Butternut - Juglans cinerea - A native nut tree from Canada - The Butternut (Juglans cinerea) is also called white walnut. It's the most cold resistant of all walnut trees.

Butternut - Juglans cinerea - A native nut tree from Canada

The Butternut (Juglans cinerea) is also called white walnut. It's the most cold resistant of all walnut trees.

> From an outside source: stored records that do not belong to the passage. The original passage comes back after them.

(* Let $\kappa,\gamma\in\mathbb{N}^n$ and let $T:\mathbb{C}_\kappa[z_1,\ldots,z_n]\to\mathbb{C}_\gamma[z_1,\ldots,z_n]$ be a linear operator. Then the symbol of the polarization of $T$ is the polarization of the symbol of $T$, that is, $G_{\Pi(T)}=\Pi^\uparrow_{\gamma\oplus\kappa}(G_T)$.
   Context: $\mathbb{C}_\kappa[z_1,\ldots,z_n]$: polynomials of degree at most $\kappa_i$ in $z_i$. $\mathbb{C}_{MA}^\kappa$: multi-affine polynomials in variables $z_{ij}$, $1\le i\le n$, $1\le j\le\kappa_i$. Polarization $\Pi_\kappa^\uparrow:\mathbb{C}_\kappa[z]\to\mathbb{C}_{MA}^\kappa$ is linear with $\Pi_\kappa^\uparrow(z^\alpha)=\binom{\kappa}{\alpha}^{-1}\prod_{i}E_{\alpha_i}(z_{i1},\ldots,z_{i\kappa_i})$ ($E_k$ the $k$-th elementary symmetric polynomial, $\binom{\kappa}{\alpha}=\prod\binom{\kappa_i}{\alpha_i}$); the projection $\Pi_\kappa^\downarrow:\mathbb{C}_{MA}^\kappa\to\mathbb{C}_\kappa[z]$ substitutes $z_{ij}\mapsto z_i$. The polarization of $T$ is $\Pi(T)=\Pi_\gamma^\uparrow\circ T\circ\Pi_\kappa^\downarrow:\mathbb{C}_{MA}^\kappa\to\mathbb{C}_{MA}^\gamma$. The symbol of $T$ is $G_T(z,w)=T[(z+w)^\kappa]=\sum_{\alpha\le\kappa}\binom{\kappa}{\alpha}T(z^\alpha)w^{\kappa-\alpha}\in\mathbb{C}_{\gamma\oplus\kappa}[z_1,\ldots,z_n,w_1,\ldots,w_n]$, with $\gamma\oplus\kappa=(\gamma_1,\ldots,\gamma_n,\kappa_1,\ldots,\kappa_n)$; the symbol of the operator $\Pi(T)$ on multi-affine polynomials is $G_{\Pi(T)}=\Pi(T)\big[\prod_{i=1}^n\prod_{j=1}^{\kappa_i}(z_{ij}+w_{ij})\big]$ ($\Pi(T)$ acting on the $z_{ij}$ variables). $\Pi^\uparrow_{\gamma\oplus\kappa}$ polarizes each $z_i$ into $z_{i1},\ldots,z_{i\gamma_i}$ and each $w_i$ into $w_{i1},\ldots,w_{i\kappa_i}$. *)

From mathcomp Require Import all_boot all_algebra.
From mathcomp Require Import Rstruct.
From mathcomp Require Import complex.
From mathcomp Require Export mpoly.

Set Implicit Arguments.
Unset Strict Implicit.
Unset Printing Implicit Defensive.
Import GRing.Theory.
Local Open Scope ring_scope.

Definition C : fieldType := complex Rdefinitions.R.

Notation mpolyV F V := {mpoly F[#|V|]}.

Definition sumV (U W : finType) : finType := (U + W)%type.

Section Polarization.
Variable F : fieldType.

Definition var (V : finType) (v : V) : mpolyV F V := 'X_(enum_rank v).

Definition expo (V : finType) (m : 'X_{1..#|V|}) (v : V) : nat := m (enum_rank v).

Definition deg_bounded (V : finType) (k : V -> nat) (p : mpolyV F V) : Prop :=
  forall m, m \in msupp p -> forall v, (expo m v <= k v)%N.

Definition rename (U V : finType) (f : U -> V) (p : mpolyV F U) : mpolyV F V :=
  p \mPo [tuple var (f (enum_val i)) | i < #|U|].

(* the polarized variables z_(i j), 1 <= j <= k i  (j is 0-based here) *)
Definition polvar (I : finType) (k : I -> nat) : finType := {i : I & 'I_(k i)}.

Definition Epol (I : finType) (k : I -> nat) (i : I) (e : nat) : mpolyV F (polvar k) :=
  \sum_(S : {set 'I_(k i)} | #|S| == e) \prod_(j in S) var (existT (fun i => 'I_(k i)) i j).

Definition binomv (I : finType) (k a : I -> nat) : nat := \prod_(i : I) 'C(k i, a i).

Definition polup (I : finType) (k : I -> nat) (p : mpolyV F I) : mpolyV F (polvar k) :=
  \sum_(m <- msupp p)
     p@_m *: (((binomv k (expo m))%:R)^-1 *: \prod_(i : I) Epol k i (expo m i)).

Definition poldown (I : finType) (k : I -> nat) (q : mpolyV F (polvar k)) : mpolyV F I :=
  rename (fun v : polvar k => projT1 v) q.

Definition polT (I : finType) (k g : I -> nat) (T : mpolyV F I -> mpolyV F I)
  (q : mpolyV F (polvar k)) : mpolyV F (polvar g) :=
  polup g (T (@poldown I k q)).

(* L acting on the z-variables of a polynomial P in variables z (indexed by U)
   and w (indexed by W), coefficient-wise (linearly) in the w-variables. *)
Definition actz (U U' W : finType) (L : mpolyV F U -> mpolyV F U')
  (P : mpolyV F (sumV U W)) : mpolyV F (sumV U' W) :=
  \sum_(m <- msupp P)
     P@_m *: (rename (@inl U' W) (L (\prod_(u : U) var u ^+ expo m (inl u)))
              * \prod_(w : W) var (@inr U' W w) ^+ expo m (inr w)).

(* symbol of T : F_k[z] -> F_g[z]:  G_T(z,w) = T[(z+w)^k]  (z = inl, w = inr) *)
Definition symbol (I : finType) (k : I -> nat) (T : mpolyV F I -> mpolyV F I)
  : mpolyV F (sumV I I) :=
  actz T (\prod_(i : I) (var (@inl I I i) + var (@inr I I i)) ^+ k i).

Definition symbolMA (U U' : finType) (L : mpolyV F U -> mpolyV F U')
  : mpolyV F (sumV U' U) :=
  actz L (\prod_(u : U) (var (@inl U U u) + var (@inr U U u))).

End Polarization.

Definition oplus (I : finType) (g k : I -> nat) (s : (sumV I I)) : nat :=
  match s with inl i => g i | inr i => k i end.

(* canonical identification of the variables z_(i j) (j < g i), w_(i j) (j < k i)
   with the polarized variables of the (z,w)-space for the degree vector g (+) k *)
Definition ident (I : finType) (g k : I -> nat)
  (s : sumV (polvar g) (polvar k)) : polvar (oplus g k) :=
  match s with
  | inl (existT i j) => existT (fun s => 'I_(oplus g k s)) (inl i) j
  | inr (existT i j) => existT (fun s => 'I_(oplus g k s)) (inr i) j
  end.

3-5 Feetsold-out$25.00$0.00
10 x 1-2 Feetsold-out$120.00$0.00
100 x 1-3 Feetsold-out$950.00$0.00

Soil and growth

The Butternut (Juglans cinerea) is a fast growing tree with a relatively short lifespan. It will rarely reach 75 years old. Its nut is delightful, in that it's very mild, sweet and oily. It is the only walnut tree able to survive in zone 2. However, to produce nuts it needs to be in zone 3. It is easy to identify a Butternut among other walnut (Juglans family) trees: the green husk covering the shell of the nut is sticky!  The Butternut will grow better in a rich, well drained and deep soil. It will also thrive in sandy, dry and infertile soil. It will give much better results than the Black Walnut in a poor soil. The Butternut is intolerant to competition and will not survive if planted in complete shade. It must be planted in a sunny area.

Butternut Canker

Since 1990, due to the serious fungal disease 'Butternut Canker' (Sirococcus clavigignenti-juglandacearum) our population of native Butternut is in decline. The first manifestations of canker are evidenced by dying branches on the lower crown of the tree, eventually leading to its death within a few years. As research is undertaken to find a solution to the Butternut canker, we recommend planting the Butternut in a 'clean' environment, i.e, an environment far away from a forest and preferably from any other Butternut tree. A lawn with full exposure to the sun is ideal.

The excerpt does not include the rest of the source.